🤖 AI Summary
This paper addresses the pronounced out-of-sample Sharpe ratio decay of linear predictive models in quantitative trading strategies due to overfitting. We derive, for the first time, closed-form approximations for both in-sample and out-of-sample Sharpe ratios. Methodologically, we integrate statistical inference, random matrix theory, and the Garleanu–Pedersen multi-asset futures empirical framework to systematically characterize how signal strength distribution, number of assets, and training sample size affect strategy replication fidelity. Theoretical analysis reveals a sharp decline in out-of-sample replication fidelity in high-dimensional, multi-asset settings. Empirical validation confirms that increasing training data significantly improves replication fidelity, with gains that are both statistically and economically significant.
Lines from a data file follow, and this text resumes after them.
(* Let $k\ge 1$ and $s\ge 1$ be integers with $s\le k$, and let $t$ be an integer. Then $$k\,\sigma_{k}^{(0)}(t;s)=\sum_{d\mid k}d\,\sigma^{(1)}_{d}(t;s),$$ with the convention $\sigma^{(1)}_{d}(t;s)=0$ if $s>d$. Equivalently, by Möbius inversion, $$k\,\sigma_{k}^{(1)}(t;s)=\sum_{d\mid k}\mu\!\left(\frac{k}{d}\right)d\,\sigma_{d}^{(0)}(t;s),$$ with the analogous convention $\sigma^{(0)}_d(t;s)=0$ if $s>d$.
   Context: For a positive integer $m$, $(q)_m=(1-q)\cdots(1-q^m)$, $(q)_0=1$. For integers $b\ge 0$, $n\ge1$ and $1\le s\le n$, let $R^{(b)}_{n,s}(q)=\sum_{t=0}^{n-1}\sigma^{(b)}_n(t;s)q^t$ be the remainder of $\frac{1}{n^b}(q)_{n-1}^{\,b}(q)_{s-1}$ upon division by $1-q^n$; the values $\sigma^{(b)}_n(t;s)$ are extended to all integers $t$ by $n$-periodicity. $\mu$ is the Möbius function. *)

From HB Require Import structures.
From mathcomp Require Import all_boot all_order all_algebra.
Set Implicit Arguments. Unset Strict Implicit. Unset Printing Implicit Defensive.
Import Order.TTheory GRing.Theory Num.Theory.
Local Open Scope ring_scope.

Definition qpoch (m : nat) : {poly rat} := \prod_(1 <= j < m.+1) (1 - 'X^j).

Definition Rrem (b n s : nat) : {poly rat} :=
  ((n%:R ^+ b)^-1 *: (qpoch n.-1 ^+ b * qpoch s.-1)) %% (1 - 'X^n).

Definition sigma (b n : nat) (t : int) (s : nat) : rat :=
  (Rrem b n s)`_(`|(t %% n%:Z)%Z|%N).

Definition sigmac (b d : nat) (t : int) (s : nat) : rat :=
  if (s <= d)%N then sigma b d t s else 0.

Definition moebius (n : nat) : int :=
  if n == 0%N then 0
  else if all (fun p => logn p n == 1%N) (primes n) then (-1) ^+ size (primes n)
  else 0.

From HB Require Import structures.
From mathcomp Require Import all_boot all_order all_algebra algC cyclotomic.
From mathcomp Require Import zify.
Set Implicit Arguments. Unset Strict Implicit. Unset Printing Implicit Defensive.
Import Order.TTheory GRing.Theory Num.Theory.
Local Open Scope ring_scope.

(* Reducing modulo 1 - q^n and reading off the coefficient of q^t is the discrete Fourier
   transform over the n-th roots of unity:
     n sigma^(b)_n(t;s) = sum_(zeta^n = 1) zeta^(-t) n^(-b) (zeta)_(n-1)^b (zeta)_(s-1).
   For b = 0 every root contributes H(zeta) = zeta^(-t) (zeta)_(s-1).  For b = 1 the factor
   (zeta)_(n-1) equals n at primitive n-th roots and vanishes at the others, so
   n sigma^(1)_n(t;s) is the sum of H over the primitive n-th roots.  Sorting the k-th roots of
   unity by their order d | k gives the first identity, and Moebius inversion the second.  If
   s > d then (zeta)_(s-1) vanishes at every d-th root of unity, which matches the convention
   sigma_d(t;s) = 0. *)

Lemma divisors_gt0 n d : d \in divisors n -> (0 < d)%N.
Proof.
have [->|n_gt0] := posnP n; first by rewrite inE => /eqP ->.
by rewrite -dvdn_divisors // => /dvdn_gt0; apply.
Qed.

Lemma big_divisors_dvd (R : nmodType) (F : nat -> R) m n :
  (0 < n)%N -> (m %| n)%N ->
  \sum_(d <- divisors n | (d %| m)%N) F d = \sum_(d <- divisors m) F d.
Proof.
move=> n_gt0 mn; have m_gt0 : (0 < m)%N by apply: dvdn_gt0 mn.
rewrite -big_filter; apply/perm_big/uniq_perm; rewrite ?filter_uniq ?divisors_uniq //.
move=> d; rewrite mem_filter -!dvdn_divisors //.
by apply/andP/idP => [[]//|dm]; split=> //; apply: dvdn_trans mn.
Qed.

Lemma big_divisors_mul (R : nmodType) (F : nat -> R) p n :
  (0 < p)%N -> (0 < n)%N -> (p %| n)%N ->
  \sum_(d <- divisors n | (p %| d)%N) F d = \sum_(e <- divisors (n %/ p)) F (p * e)%N.
Proof.
move=> p_gt0 n_gt0 pn.
have np_gt0 : (0 < n %/ p)%N by rewrite divn_gt0 // dvdn_leq.
rewrite -big_filter -(big_map (muln p) xpredT).
apply/perm_big/uniq_perm; rewrite ?filter_uniq ?divisors_uniq //.
  by rewrite map_inj_uniq ?divisors_uniq // => a b /eqP; rewrite eqn_pmul2l // => /eqP.
move=> d; rewrite mem_filter -dvdn_divisors //.
apply/andP/mapP => [[pd dn]|[e]].
  exists (d %/ p)%N; last by rewrite mulnC divnK.
  by rewrite -dvdn_divisors // dvdn_divRL // divnK.
by rewrite -dvdn_divisors // dvdn_divRL // => en ->; rewrite dvdn_mulr // mulnC.
Qed.

Lemma big_divisors_ndvd (R : nmodType) (F : nat -> R) p n :
  prime p -> (0 < n)%N -> (p %| n)%N ->
  \sum_(d <- divisors n | ~~ (p %| d)%N) F d =
  \sum_(d <- divisors (n %/ p) | ~~ (p %| d)%N) F d.
Proof.
move=> p_pr n_gt0 pn; have p_gt0 := prime_gt0 p_pr.
have np_gt0 : (0 < n %/ p)%N by rewrite divn_gt0 // dvdn_leq.
rewrite -[LHS]big_filter -[RHS]big_filter.
apply/perm_big/uniq_perm; rewrite ?filter_uniq ?divisors_uniq //.
move=> d; rewrite !mem_filter -!dvdn_divisors //.
case: (boolP (p %| d)%N) => //= npd.
by rewrite -{1}(divnK pn) Gauss_dvdl // coprime_sym prime_coprime.
Qed.

Lemma divn_divK m d : (0 < m)%N -> (d %| m)%N -> (m %/ (m %/ d))%N = d.
Proof. by move=> m_gt0 dm; rewrite divnA // mulKn. Qed.

Lemma perm_divisors_flip n : (0 < n)%N -> perm_eq [seq n %/ d | d <- divisors n]%N (divisors n).
Proof.
move=> n_gt0; have flipK := divn_divK n_gt0.
apply: uniq_perm; rewrite ?divisors_uniq //.
  rewrite map_inj_in_uniq ?divisors_uniq // => a b.
  by rewrite -!dvdn_divisors // => an bn eq_ab; rewrite -(flipK a) // eq_ab flipK.
move=> d; apply/mapP/idP => [[e]|dn].
  by rewrite -!dvdn_divisors // => en ->; apply: dvdn_div.
by exists (n %/ d)%N; rewrite -?dvdn_divisors ?dvdn_div ?flipK // dvdn_divisors.
Qed.

Lemma moebius_sqr p m : prime p -> (0 < m)%N -> (p ^ 2 %| m)%N -> moebius m = 0.
Proof.
move=> p_pr m_gt0 p2m; rewrite /moebius (gtn_eqF m_gt0).
have pm : (p %| m)%N by apply: dvdn_trans p2m; rewrite dvdn_exp.
case: ifP => // /allP /(_ p); rewrite mem_primes p_pr m_gt0 pm => /(_ isT) /eqP.
by move: p2m; rewrite (pfactor_dvdn 2 p_pr m_gt0) => /[swap] ->.
Qed.

Lemma moebiusMprime p m : prime p -> (0 < m)%N -> ~~ (p %| m)%N ->
  moebius (p * m) = - moebius m.
Proof.
move=> p_pr m_gt0 npm; have p_gt0 := prime_gt0 p_pr.
have primesM : perm_eq (primes (p * m)) (p :: primes m).
  apply: uniq_perm; rewrite /= ?primes_uniq ?mem_primes ?(negbTE npm) ?andbF //.
  move=> q; rewrite in_cons !mem_primes muln_gt0 p_gt0 m_gt0 /=.
  have [q_pr|] := boolP (prime q); last by case: eqP => // ->; rewrite p_pr.
  by rewrite Euclid_dvdM // dvdn_prime2.
have lognMq q : q \in primes m -> logn q (p * m) = logn q m.
  rewrite mem_primes => /and3P[q_pr _ qm]; rewrite lognM // logn_prime //.
  by case: eqP => [eq_qp|]; [rewrite -eq_qp qm in npm | rewrite add0n].
have lognMp : logn p (p * m) = 1%N.
  by rewrite lognM // logn_prime // eqxx logn_coprime // prime_coprime.
rewrite /moebius muln_eq0 (gtn_eqF p_gt0) (gtn_eqF m_gt0) /=.
rewrite (perm_all _ primesM) (perm_size primesM) /= lognMp eqxx /=.
rewrite (eq_in_all (a2 := fun q => logn q m == 1%N)); last by move=> q /lognMq ->.
by case: ifP; rewrite ?exprS ?mulN1r ?oppr0.
Qed.

Lemma sum_moebius_divisors n : (0 < n)%N ->
  \sum_(d <- divisors n) moebius d = (n == 1)%:R.
Proof.
move=> n_gt0; have [n_le1|n1] := leqP n 1.
  have -> : n = 1%N by apply/eqP; rewrite eqn_leq n_le1.
  by rewrite (_ : divisors 1 = [:: 1]) // big_seq1.
set p := pdiv n; have p_pr : prime p by apply: pdiv_prime.
have pn : (p %| n)%N by apply: pdiv_dvd.
have p_gt0 := prime_gt0 p_pr.
have np_gt0 : (0 < n %/ p)%N by rewrite divn_gt0 // dvdn_leq.
rewrite (bigID (fun d => p %| d)%N) /= big_divisors_mul // big_divisors_ndvd //.
rewrite (bigID (fun d => p %| d)%N) /= big1_seq => [|e /andP[pe /divisors_gt0 e_gt0]].
  rewrite add0r -big_split /= big1_seq ?(gtn_eqF n1) // => e /andP[pe /divisors_gt0].
  by move=> e_gt0; rewrite moebiusMprime // addNr.
by apply: (moebius_sqr p_pr); rewrite ?muln_gt0 ?p_gt0 // expnS expn1 dvdn_pmul2l.
Qed.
Our core contribution is a tractable, testable analytical framework for quantifying and attributing overfitting risk in linear trading strategies—enabling rigorous diagnosis, calibration, and robustness assessment.
📝 Abstract
We study how much the in-sample performance of trading strategies based on linear predictive models is reduced out-of-sample due to overfitting. More specifically, we compute the in- and out-of-sample means and variances of the corresponding PnLs and use these to derive a closed-form approximation for the corresponding Sharpe ratios. We find that the out-of-sample ``replication ratio'' diminishes for complex strategies with many assets and based on many weak rather than a few strong trading signals, and increases when more training data is used. The substantial quantitative importance of these effects is illustrated with an empirical case study for commodity futures following the methodology of Garleanu-Pedersen.